***** EXTRACTED DATA *****

Lemma box_approx_feasible (J : Type) (w : J -> T -> R) (c : J -> R) :
  (forall g, 0 < g -> exists p : T -> R, (forall a, 0 <= p a <= 1) /\
      forall j, c j - g <= \sum_a p a * w j a) ->
  exists p : T -> R, (forall a, 0 <= p a <= 1) /\
      forall j, c j <= \sum_a p a * w j a.
Proof.
move=> approx.
pose K := [set f : box | forall i, (`[(0:R), 1]%classic) (f i)].
have cK : compact K.
  exact: (@tychonoff T (fun _ => (R : topologicalType)) (fun _ => `[(0:R), 1]%classic)
            (fun _ => @segment_compact R 0 1)).
pose L j (f : box) := \sum_a f a * w j a.
pose B g := [set f : box | K f /\ forall j, c j - g <= L j f].
(* The sets of g-approximate solutions form a proper filter base on the
   compact box; a cluster point is an exact solution. *)
pose Fl := filter_from [set g : R | 0 < g] B.
have FlF : Filter Fl.
  apply: filter_from_filter; first by exists 1; rewrite /= ltr01.
  move=> g1 g2 g10 g20; exists (Order.min g1 g2); first by rewrite /= lt_min g10.
  move=> f [Kf fc]; split; split => // j; apply: le_trans (fc j);
    by rewrite lerD2l lerN2 ge_min lexx ?orbT.
have FlP : ProperFilter Fl.
  apply: (filter_from_proper FlF) => g g0.
  by have [p [p01 pc]] := approx g g0; exists p.
have FlK : Fl K by exists 1; [rewrite /= ltr01 | move=> f []].
have [p [Kp clp]] := cK Fl FlP FlK.
exists p; split => [a|j]; first by have := Kp a; rewrite /= in_itv.
rewrite leNgt; apply/negP => lt_pj.
pose g := (c j - L j p) / 2.
have g0 : 0 < g by rewrite divr_gt0 // subr_gt0.
have near_p : nbhs p (L j @^-1` [set y | y < c j - g]).
  apply: (@continuous_linear_form (w j) (index_enum T) p).
  apply: open_nbhs_nbhs; split; first exact: open_lt.
  by rewrite /= /g; move: lt_pj; rewrite -/(L j p) => lt_pj; lra.
have [q [[_ qc] qlt]] := clp _ _ (ex_intro2 _ _ g g0 (fun _ h => h) : Fl (B g)) near_p.
by have := qc j; rewrite leNgt qlt.
Qed.

End BoxCompactness.

Section FiniteDistributions.
Variables (R : realType) (T : finType).
Implicit Types (A : {set T}) (p q f : T -> R).

Lemma distr_ge0 A p t : is_distr A p -> 0 <= p t.
Proof. by case=> + _; apply. Qed.

Lemma distr_out A p t : is_distr A p -> t \notin A -> p t = 0.
Proof. by case=> _ [+ _]; apply. Qed.
(* Let $r>1$ be real and let $a,b\in\mathbb{S}$ be such that the open interval $(\sigma_{-r}(a),\sigma_{-r}(b))$ is a gap of $\sigma_{-r}(\mathbb{S})$. Then $b\in\mathbb{N}$, i.e. $v_p(b)<\infty$ for every prime $p$ and $v_p(b)=0$ for all but finitely many $p$.
   Context: A Steinitz number is a formal product $n=\prod_p p^{\alpha_p}$ over all primes with $\alpha_p\in\mathbb{Z}_{\ge0}\cup\{\infty\}$, $v_p(n)=\alpha_p$; $\mathbb{S}$ is the set of Steinitz numbers, and $\mathbb{N}\subset\mathbb{S}$ consists of those with all exponents finite and almost all zero. $\sigma_{-r}$ is defined on $\mathbb{S}$ multiplicatively by $\sigma_{-r}(p^\alpha)=\sum_{i=0}^\alpha p^{-ri}$ for finite $\alpha$ and $\sigma_{-r}(p^\infty)=\frac1{1-p^{-r}}$. A gap of $\sigma_{-r}(\mathbb{S})$ is a bounded connected component of $\mathbb{R}\setminus\sigma_{-r}(\mathbb{S})$. *)

From HB Require Import structures.
From mathcomp Require Import all_boot all_order all_algebra.
From mathcomp Require Import all_classical all_reals all_analysis.
Set Implicit Arguments. Unset Strict Implicit. Unset Printing Implicit Defensive.
Import Order.TTheory GRing.Theory Num.Theory.
Import numFieldNormedType.Exports.
Local Open Scope classical_set_scope.
Local Open Scope ring_scope.

(* A Steinitz number is encoded by its exponent function v : nat -> option nat,
   where v p = Some k means v_p = k and v p = None means v_p = oo. *)
Definition exponents := nat -> option nat.

Definition is_steinitz (v : exponents) : Prop :=
  forall n, ~~ prime n -> v n = Some 0%N.

Definition steinitz_in_N (v : exponents) : Prop :=
  (forall p, prime p -> v p <> None) /\
  (exists M : nat, forall p, prime p -> (M <= p)%N -> v p = Some 0%N).

Definition sigma_loc (R : realType) (r : R) (p : nat) (a : option nat) : R :=
  let q := (p%:R) `^ (- r) in
  match a with
  | Some k => \sum_(i < k.+1) q ^+ i
  | None => (1 - q)^-1
  end.

Definition sigma_partial (R : realType) (r : R) (v : exponents) (N : nat) : R :=
  \prod_(p < N | prime p) sigma_loc r p (v p).

Definition sigma (R : realType) (r : R) (v : exponents) : R :=
  limn (sigma_partial r v).

Definition sigma_image (R : realType) (r : R) : set R :=
  [set y | exists v, is_steinitz v /\ y = sigma r v].

Definition is_gap (R : realType) (E : set R) (G : set R) : Prop :=
  bounded_set G /\ exists x, (~` E) x /\ G = connected_component (~` E) x.

From HB Require Import structures.
From mathcomp Require Import all_boot all_order all_algebra.
From mathcomp Require Import all_classical all_reals all_analysis.
From mathcomp Require Import ring lra.
Import Order.TTheory GRing.Theory Num.Theory.
Import numFieldNormedType.Exports.
Local Open Scope classical_set_scope.
Local Open Scope ring_scope.
Set Implicit Arguments. Unset Strict Implicit. Unset Printing Implicit Defensive.

(* sigma_{-r}(v) is the limit of the nondecreasing partial products over the
   primes p < N; they stay below exp (2 r / (r - 1)) because each local factor
   is at most exp (2 p^-r) and sum_n n^-r <= r / (r - 1).  If b is not in N,
   sigma_{-r}(b) is a limit from below of values of sigma_{-r} at finite Steinitz
   numbers: if v_p(b) = oo, truncate b at a large bound and replace p^oo by p^K
   with K large; if infinitely many primes divide b, merely truncate b at a
   large bound.  Such a value falls into (sigma_{-r}(a), sigma_{-r}(b)), which
   therefore is not a gap. *)

(* The tangent-line inequality at m + 1 for the convex map x |-> x^-s. *)
Lemma powRN_sub_ge (R : realType) (s m : R) : 0 < s -> 0 < m ->
  s * (m + 1) `^ (- (s + 1)) <= m `^ (- s) - (m + 1) `^ (- s).
Proof.
move=> s_gt0 m_gt0; have m1_gt0 : 0 < m + 1 by rewrite addr_gt0.
set u := (m + 1)^-1.
have u_gt0 : 0 < u by rewrite invr_gt0.
have ln_gap : u <= ln (m + 1) - ln m.
  have u_lt1 : u < 1 by rewrite invf_lt1 //; lra.
  have := @le_ln1Dx R (- u) ltac:(lra).
  have -> : 1 - u = m / (m + 1) by rewrite /u; field; rewrite gt_eqF.
  rewrite ln_div ?posrE //; lra.
have expR_gap : 1 + s * u <= expR (s * (ln (m + 1) - ln m)).
  by apply: le_trans (expR_ge1Dx _); rewrite lerD2l ler_pM2l.
have Em : m `^ (- s) = (m + 1) `^ (- s) * expR (s * (ln (m + 1) - ln m)).
  by rewrite /powR !gt_eqF // -expRD; congr expR; ring.
have Em1 : (m + 1) `^ (- (s + 1)) = (m + 1) `^ (- s) * u.
  rewrite /powR gt_eqF // /u -[X in _ * X^-1](@lnK R) ?posrE // -expRN -expRD.
  by congr expR; ring.
rewrite Em Em1; have : 0 < (m + 1) `^ (- s) by rewrite powR_gt0.
set E := (m + 1) `^ (- s); set X := expR _ in expR_gap *; nra.
Qed.

Section powRN_sum.
Variables (R : realType) (r : R).
Hypothesis r_gt1 : 1 < r.

Lemma sum_powRN_telescope N :
  (r - 1) * \sum_(n < N.+2) n%:R `^ (- r) + N.+1%:R `^ (- (r - 1)) <= r.
Proof.
have s_gt0 : 0 < r - 1 by rewrite subr_gt0.
elim: N => [|N IH].
  (* [0 `^ (- r) = 0] and [1 `^ (- r) = 1] *)
  by rewrite !big_ord_recl big_ord0 /= powR0 ?oppr_eq0 ?gt_eqF ?powR1 //; lra.
have := powRN_sub_ge s_gt0 (ltr0Sn R N); rewrite subrK natr1 big_ord_recr /=.
set S := \sum_(i < N.+2) _ in IH *; nra.
Qed.

Lemma sum_powRN_le N : \sum_(n < N) n%:R `^ (- r) <= r / (r - 1).
Proof.
have s_gt0 : 0 < r - 1 by rewrite subr_gt0.
rewrite ler_pdivlMr // mulrC.
have := sum_powRN_telescope N; rewrite !big_ord_recr /= !mulrDr.
have := mulr_ge0 (ltW s_gt0) (@powR_ge0 R N%:R (- r)).
have := mulr_ge0 (ltW s_gt0) (@powR_ge0 R N.+1%:R (- r)).
have := @powR_ge0 R N.+1%:R (- (r - 1)).
lra.
Qed.

End powRN_sum.

Lemma sigma_loc0 (R : realType) (r : R) p : sigma_loc r p (Some 0%N) = 1.
Proof. by rewrite /sigma_loc big_ord1 expr0. Qed.

Section local_factor.
Variables (R : realType) (r : R) (p : nat).
Hypotheses (r_ge1 : 1 <= r) (p_prime : prime p).

Lemma powRN_prime_bounds : 0 < p%:R `^ (- r) <= 2^-1.
Proof.
have p_ge2 : (2 : R) <= p%:R by rewrite (ler_nat R 2 p) prime_gt1.
have p_le : (p%:R : R) <= p%:R `^ r.
  by rewrite -{1}(@powRr1 R p%:R) ?ler0n //; apply: ler_powR => //; lra.
rewrite powRN invr_gt0 powR_gt0 /=; last lra.
by rewrite lef_pV2 ?posrE ?powR_gt0 //; lra.
Qed.

Lemma sigma_loc_Some k : sigma_loc r p (Some k) =
  sigma_loc r p None * (1 - (p%:R `^ (- r)) ^+ k.+1).
Proof.
have /andP[q_gt0 q_le] := powRN_prime_bounds; rewrite /sigma_loc /=.
set q := p%:R `^ (- r) in q_gt0 q_le *.
have := subrX1 q k.+1; set S := \sum_(i < k.+1) _ => geom.
have -> : 1 - q ^+ k.+1 = (1 - q) * S by rewrite -opprB geom; ring.
by field; rewrite subr_eq0 eq_sym lt_eqF //; lra.
Qed.

Lemma sigma_loc_ge1 a : 1 <= sigma_loc r p a.
Proof.
have /andP[q_gt0 q_le] := powRN_prime_bounds; rewrite /sigma_loc /=.
case: a => [k|]; last by rewrite invf_ge1; lra.
rewrite big_ord_recl expr0 lerDl; apply: sumr_ge0 => i _.
by rewrite exprn_ge0 // ltW.
Qed.

Lemma sigma_loc_gt1 a : a <> Some 0%N -> 1 < sigma_loc r p a.
Proof.
have /andP[q_gt0 q_le] := powRN_prime_bounds; rewrite /sigma_loc /=.
case: a => [[|k]|] a_neq0 //; last by rewrite invf_gt1; lra.
rewrite big_ord_recl expr0 ltrDl big_ord_recl /= expr1.
by apply: ltr_pwDl => //; apply: sumr_ge0 => i _; rewrite exprn_ge0 // ltW.
Qed.

Lemma sigma_loc_le_expR a : sigma_loc r p a <= expR (2 * p%:R `^ (- r)).
Proof.
have /andP[q_gt0 q_le] := powRN_prime_bounds.
have loc_None_le : sigma_loc r p None <= 1 + 2 * p%:R `^ (- r).
  rewrite /sigma_loc /=; set q := p%:R `^ (- r) in q_gt0 q_le *.
  rewrite -[_^-1]mul1r ler_pdivrMr; [nra | lra].
apply: le_trans (expR_ge1Dx _); apply: le_trans loc_None_le.
case: a => [k|//]; rewrite sigma_loc_Some.
have := sigma_loc_ge1 None; have : 0 < (p%:R `^ (- r)) ^+ k.+1 by rewrite exprn_gt0.
nra.
Qed.

End local_factor.

Lemma sigma_partialS (R : realType) (r : R) v N : sigma_partial r v N.+1 =
  sigma_partial r v N * (if prime N then sigma_loc r N (v N) else 1).
Proof. by rewrite /sigma_partial big_mkcond big_ord_recr /= -big_mkcond. Qed.

Section partial_products.
Variables (R : realType) (r : R) (v : exponents).
Hypothesis r_ge1 : 1 <= r.

Lemma sigma_partial_ge1 N : 1 <= sigma_partial r v N.
Proof.
apply: (big_ind (fun x => 1 <= x)) => // [x y|i pi]; first exact: mulr_ege1.
exact: sigma_loc_ge1.
Qed.

Lemma sigma_partial_nondecreasing :
  {homo sigma_partial r v : n m / (n <= m)%N >-> n <= m}.
Proof.
apply/nondecreasing_seqP => N; rewrite sigma_partialS.
have := sigma_partial_ge1 N; case: ifP => [pN|_]; last by rewrite mulr1.
by have := sigma_loc_ge1 r_ge1 pN (v N); nra.
Qed.

Lemma sigma_partial_lt p : prime p -> v p <> Some 0%N ->
  sigma_partial r v p < sigma_partial r v p.+1.
Proof.
move=> p_prime vp_neq0; rewrite sigma_partialS p_prime.
by have := sigma_partial_ge1 p; have := sigma_loc_gt1 r_ge1 p_prime vp_neq0; nra.
Qed.

Lemma sigma_partial_le_expR N :
  sigma_partial r v N <= expR (2 * \sum_(n < N) n%:R `^ (- r)).
Proof.
have sum_le : \sum_(n < N | prime n) n%:R `^ (- r) <= \sum_(n < N) n%:R `^ (- r).
  by rewrite [leRHS](bigID (fun n : 'I_N => prime n)) /= lerDl sumr_ge0.
apply: le_trans (_ : expR (2 * \sum_(n < N | prime n) n%:R `^ (- r)) <= _).
  rewrite mulr_sumr expR_sum; apply: ler_prod => n n_prime.
  by rewrite sigma_loc_le_expR // andbT (le_trans _ (sigma_loc_ge1 r_ge1 n_prime _)).
by rewrite ler_expR ler_pM2l.
Qed.

End partial_products.

Section convergence.
Variables (R : realType) (r : R) (v : exponents).
Hypothesis r_gt1 : 1 < r.
Let r_ge1 : 1 <= r. Proof. exact: ltW. Qed.

Lemma sigma_partial_bounded N : sigma_partial r v N <= expR (2 * (r / (r - 1))).
Proof.
apply: le_trans (sigma_partial_le_expR v r_ge1 N) _.
by rewrite ler_expR ler_pM2l // sum_powRN_le.
Qed.

Let sigma_partial_cvg_sup :
  sigma_partial r v @ \oo --> sup (range (sigma_partial r v)).
Proof.
apply: nondecreasing_cvgn; first exact: sigma_partial_nondecreasing.
by exists (expR (2 * (r / (r - 1)))) => _ [n _ <-]; exact: sigma_partial_bounded.
Qed.

Lemma sigma_partial_cvg : sigma_partial r v @ \oo --> sigma r v.
Proof. by rewrite /sigma (cvg_lim _ sigma_partial_cvg_sup). Qed.

Lemma sigma_partial_le_sigma N : sigma_partial r v N <= sigma r v.
Proof.
apply: nondecreasing_cvgn_le; first exact: sigma_partial_nondecreasing.
by apply/cvg_ex; exists (sup (range (sigma_partial r v))).
Qed.

Lemma sigma_partial_gt y : y < sigma r v -> exists N, y < sigma_partial r v N.
Proof.
move=> y_lt; have [N _ gt_y] := cvgr_gt _ sigma_partial_cvg _ y_lt.
by exists N; apply: gt_y => /=.
Qed.

End convergence.

Definition truncate (v : exponents) (M : nat) : exponents :=
  fun n => if (n < M)%N then v n else Some 0%N.

Definition set_exponent (v : exponents) (p k : nat) : exponents :=
  fun n => if n == p then Some k else v n.

Lemma is_steinitz_truncate v M : is_steinitz v -> is_steinitz (truncate v M).
Proof. by move=> sv n n_np; rewrite /truncate; case: ifP => // _; apply: sv. Qed.

Lemma is_steinitz_set_exponent v p k : prime p -> is_steinitz v ->
  is_steinitz (set_exponent v p k).
Proof.
move=> p_prime sv n n_np; rewrite /set_exponent; case: eqP => [n_p|_]; last exact: sv.
by rewrite n_p p_prime in n_np.
Qed.

Section truncation.
Variables (R : realType) (r : R).

Lemma sigma_eq_partial v M : (forall n, (M <= n)%N -> v n = Some 0%N) ->
  sigma r v = sigma_partial r v M.
Proof.
move=> v_tail; have partial_stable d : sigma_partial r v (M + d) = sigma_partial r v M.
  elim: d => [|d IH]; first by rewrite addn0.
  by rewrite addnS sigma_partialS IH v_tail ?leq_addr // sigma_loc0; case: ifP => _; rewrite mulr1.
rewrite /sigma; apply: cvg_lim => //; apply: cvg_near_cst.
by exists M => // n /= Mn; rewrite -(subnKC Mn) partial_stable.
Qed.

Lemma sigma_truncate v M : sigma r (truncate v M) = sigma_partial r v M.
Proof.
rewrite (@sigma_eq_partial _ M); last by move=> n Mn; rewrite /truncate ltnNge Mn.
by apply: eq_bigr => i _; rewrite /truncate ltn_ord.
Qed.

Lemma sigma_partial_set_exponent v p k N : 1 <= r -> prime p -> (p < N)%N ->
  v p = None ->
  sigma_partial r (set_exponent v p k) N =
  sigma_partial r v N * (1 - (p%:R `^ (- r)) ^+ k.+1).
Proof.
move=> r_ge1 p_prime pN vp_None; rewrite /sigma_partial.
rewrite (bigD1 (Ordinal pN)) // [in RHS](bigD1 (Ordinal pN)) //=.
rewrite /set_exponent eqxx vp_None sigma_loc_Some //.
rewrite (eq_bigr (fun i : 'I_N => sigma_loc r i (v i))); first by ring.
by move=> i /andP[_ /negbTE i_neq]; rewrite -val_eqE /= in i_neq; rewrite i_neq.
Qed.

End truncation.

Section approximation_from_below.
Variables (R : realType) (r : R) (b : exponents).
Hypotheses (r_gt1 : 1 < r) (sb : is_steinitz b).
Let r_ge1 : 1 <= r. Proof. exact: ltW. Qed.

Lemma sigma_approx_below_None p y : prime p -> b p = None -> y < sigma r b ->
  exists c, is_steinitz c /\ y < sigma r c < sigma r b.
Proof.
move=> p_prime bp_None y_lt.
have [M0 y_lt_M0] := sigma_partial_gt r_gt1 y_lt.
pose M := maxn M0 p.+1; have pM : (p < M)%N by rewrite leq_max ltnSn orbT.
set P := sigma_partial r b M.
have y_lt_P : y < P.
  by apply: lt_le_trans y_lt_M0 _; apply: sigma_partial_nondecreasing; rewrite ?leq_maxl.
have P_ge1 : 1 <= P := sigma_partial_ge1 b r_ge1 M.
have P_le : P <= sigma r b := sigma_partial_le_sigma b r_gt1 M.
have /andP[q_gt0 q_le] := powRN_prime_bounds r_ge1 p_prime.
set q := p%:R `^ (- r) in q_gt0 q_le.
have q_lt1 : `|q| < 1 by rewrite ger0_norm; lra.
have eps_gt0 : 0 < (P - y) / P by apply: divr_gt0; lra.
have [K _ qK_lt] := cvgr_lt _ (cvg_expr q_lt1) _ eps_gt0.
have {qK_lt} : q ^+ K.+1 * P < P - y by rewrite -ltr_pdivlMr ?qK_lt //=; lra.
have : 0 < q ^+ K.+1 by rewrite exprn_gt0.
exists (truncate (set_exponent b p K) M); split.
  by apply/is_steinitz_truncate/is_steinitz_set_exponent.
rewrite sigma_truncate sigma_partial_set_exponent // -/q -/P; apply/andP; split; nra.
Qed.

Lemma sigma_approx_below_tail y :
  (forall M, exists p, [/\ prime p, (M <= p)%N & b p <> Some 0%N]) ->
  y < sigma r b -> exists c, is_steinitz c /\ y < sigma r c < sigma r b.
Proof.
move=> b_tail y_lt; have [M y_lt_M] := sigma_partial_gt r_gt1 y_lt.
have [p [p_prime Mp bp_neq0]] := b_tail M.
exists (truncate b M); split; first exact: is_steinitz_truncate.
rewrite sigma_truncate y_lt_M /=.
apply: le_lt_trans (sigma_partial_nondecreasing b r_ge1 Mp) _.
apply: lt_le_trans (sigma_partial_lt r_ge1 p_prime bp_neq0) _.
exact: sigma_partial_le_sigma.
Qed.

End approximation_from_below.

Lemma not_steinitz_in_N v : ~ steinitz_in_N v ->
  (exists p, prime p /\ v p = None) \/
  (forall M, exists p, [/\ prime p, (M <= p)%N & v p <> Some 0%N]).
Proof.
move=> vN; have [|fin] := pselect (exists p, prime p /\ v p = None); first by left.
right => M; apply: contrapT => no_tail; apply: vN; split.
  by move=> p p_prime vp_None; apply: fin; exists p.
by exists M => p p_prime Mp; apply: contrapT => vp_neq0; apply: no_tail; exists p.
Qed.

Lemma sigma_approx_below (R : realType) (r : R) b y : 1 < r -> is_steinitz b ->
  ~ steinitz_in_N b -> y < sigma r b ->
  exists c, is_steinitz c /\ y < sigma r c < sigma r b.
Proof.
move=> r_gt1 sb /not_steinitz_in_N [[p [p_prime bp_None]]|b_tail].
  exact: sigma_approx_below_None bp_None.
exact: sigma_approx_below_tail.
Qed.

Lemma gap_neq0 (R : realType) (E G : set R) : is_gap E G -> G !=set0.
Proof. by move=> [_ [x [Ex ->]]]; exists x; apply: connected_component_refl. Qed.

Lemma gap_subsetC (R : realType) (E G : set R) : is_gap E G -> G `<=` ~` E.
Proof. by move=> [_ [x [_ ->]]]; apply: connected_component_sub. Qed.

Unset Implicit Arguments.

Theorem mainTheorem17 (R : realType) (r : R) (a b : exponents) :
  1 < r -> is_steinitz a -> is_steinitz b ->
  is_gap (sigma_image r) [set x : R | sigma r a < x < sigma r b] ->
  steinitz_in_N b.
Proof.
move=> r_gt1 _ sb gap; apply: contrapT => bN.
have [x /andP[ax xb]] := gap_neq0 gap.
have [c [sc c_in_gap]] := sigma_approx_below r_gt1 sb bN (lt_trans ax xb).
by apply: (gap_subsetC gap c_in_gap); exists c.
Qed.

*****

WHAT TO PRODUCE
Reproduce exactly every line that sits between the start of the entries and the line bearing "pose L j (f : box) := \sum_a f a * w j a.", counting both of those lines.

PROBLEM SOLUTION
Lemma box_approx_feasible (J : Type) (w : J -> T -> R) (c : J -> R) :
  (forall g, 0 < g -> exists p : T -> R, (forall a, 0 <= p a <= 1) /\
      forall j, c j - g <= \sum_a p a * w j a) ->
  exists p : T -> R, (forall a, 0 <= p a <= 1) /\
      forall j, c j <= \sum_a p a * w j a.
Proof.
move=> approx.
pose K := [set f : box | forall i, (`[(0:R), 1]%classic) (f i)].
have cK : compact K.
  exact: (@tychonoff T (fun _ => (R : topologicalType)) (fun _ => `[(0:R), 1]%classic)
            (fun _ => @segment_compact R 0 1)).
pose L j (f : box) := \sum_a f a * w j a.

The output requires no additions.